#### Task description
Look through the records below for the line holding "move: (hr1) (hr2)". Write it out exactly, with each following line through the line holding "(a b t c : R)".

#### Given information
┌──

Lemma near_collinear_lb {R : realFieldType} {s e r1 r2 r3 ca sa cb sb x y z : R} :
  0 < e -> 16 * e < s -> 0 < r1 < e -> s - e < r2 < s -> s < r3 < s + e ->
  ca^+2 + sa^+2 = 1 -> cb^+2 + sb^+2 = 1 -> 0 < x -> 0 < y -> 0 < z ->
  x^+2 = r1^+2 + r2^+2 - 2 * r1 * r2 * ca ->
  y^+2 = r1^+2 + r3^+2 - 2 * r1 * r3 * cb ->
  z^+2 = r2^+2 + r3^+2 - 2 * r2 * r3 * (ca * cb + sa * sb) ->
  2 * (s + e)^-1 + (2 * s + e)^-1 <= x^-1 + y^-1 + z^-1.
Proof.
move=> e0 es hr1 hr2 hr3 hca hcb x0 y0 z0 hx hy hz.
move: (hr1) (hr2) (hr3) => /andP[r10 r1e] /andP[r2l r2u] /andP[r3l r3u].
have ca1 : -1 <= ca by nra.
have cb1 : -1 <= cb by nra.
have xb : x <= r1 + r2 by apply: cosine_law_le hx; lra.
have yb : y <= r1 + r3 by apply: cosine_law_le hy; lra.
have zb : z <= r2 + r3.
  by apply: cosine_law_le hz; rewrite ?cos_diff_geN1 //; lra.
have es' : e < s by lra.
case: (lerP (- (s - e / 2)) (r2 * ca + r3 * cb)) => hu.
- have iz : (2 * s + e)^-1 <= z^-1 by apply: inv_le_pos; lra.
  have hr2' : 0 < r2 < s by rewrite r2u andbT; lra.
  have hr3' : 0 < r3 < s + e by rewrite r3u andbT; lra.
  have := near_collinear_case_close e0 es' hr1 hr2' hr3' x0 y0 hx hy hu.
  lra.
- have := near_collinear_far_inv e0 es z0
    (near_collinear_far_sq e0 es' hr2 hr3 hca hcb hz hu).
  have ix : (s + e)^-1 <= x^-1 by apply: inv_le_pos; lra.
  have iy : (s + 2 * e)^-1 <= y^-1 by apply: inv_le_pos; lra.
  lra.
Qed.

Lemma pairterm_dist {R : realType} (a b t c : R) :
  a^+2 + b^+2 - 2 * a * b * cos t = c^+2 -> 0 < c ->
  pairterm a b t = (c^-1)%:E.
Proof. by move=> h c0; rewrite /pairterm /= h sqrtr_sqr gtr0_norm // gt_eqF. Qed.

Lemma pairterm_finite {R : realType} (a b t : R) : 0 <= a * b -> a != b ->
  let d := Num.sqrt (a^+2 + b^+2 - 2 * a * b * cos t) in
  [/\ pairterm a b t = (d^-1)%:E, 0 < d & d^+2 = a^+2 + b^+2 - 2 * a * b * cos t].
Proof.
move=> ab0 ab d.
have d2 : 0 < a^+2 + b^+2 - 2 * a * b * cos t.
  have := cos_le1 t; have : 0 < (a - b)^+2 by rewrite exprn_even_gt0 // subr_eq0.
  nra.
have d0 : 0 < d by rewrite sqrtr_gt0.
by split => //; [rewrite /pairterm /= -/d gt_eqF | rewrite sqr_sqrtr // ltW].
Qed.

(* Triangle inequality: the distance of points at radii a, b is <= a + b. *)
Lemma pairterm_ge_inv_sum {R : realType} (a b t : R) :
  0 <= a -> 0 <= b -> 0 < a + b -> (((a + b)^-1)%:E <= pairterm a b t)%E.
Proof.
move=> a0 b0 ab0; rewrite /pairterm /=; case: ifP => [_|/negbT hd].
  exact: leey.
have d0 : 0 < Num.sqrt (a^+2 + b^+2 - 2 * a * b * cos t).
  by rewrite lt_neqAle eq_sym hd sqrtr_ge0.
rewrite lee_fin inv_le_pos // -(ger0_norm (ltW ab0)) -sqrtr_sqr ler_sqrt;
  last exact: sqr_ge0.
have := cos_geN1 t; have : 0 <= a * b by apply: mulr_ge0.
nra.
Qed.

└──

#### Solved exercise
move: (hr1) (hr2) (hr3) => /andP[r10 r1e] /andP[r2l r2u] /andP[r3l r3u].
have ca1 : -1 <= ca by nra.
have cb1 : -1 <= cb by nra.
have xb : x <= r1 + r2 by apply: cosine_law_le hx; lra.
have yb : y <= r1 + r3 by apply: cosine_law_le hy; lra.
have zb : z <= r2 + r3.
  by apply: cosine_law_le hz; rewrite ?cos_diff_geN1 //; lra.
have es' : e < s by lra.
case: (lerP (- (s - e / 2)) (r2 * ca + r3 * cb)) => hu.
- have iz : (2 * s + e)^-1 <= z^-1 by apply: inv_le_pos; lra.
  have hr2' : 0 < r2 < s by rewrite r2u andbT; lra.
  have hr3' : 0 < r3 < s + e by rewrite r3u andbT; lra.
  have := near_collinear_case_close e0 es' hr1 hr2' hr3' x0 y0 hx hy hu.
  lra.
- have := near_collinear_far_inv e0 es z0
    (near_collinear_far_sq e0 es' hr2 hr3 hca hcb hz hu).
  have ix : (s + e)^-1 <= x^-1 by apply: inv_le_pos; lra.
  have iy : (s + 2 * e)^-1 <= y^-1 by apply: inv_le_pos; lra.
  lra.
Qed.

Lemma pairterm_dist {R : realType} (a b t c : R) :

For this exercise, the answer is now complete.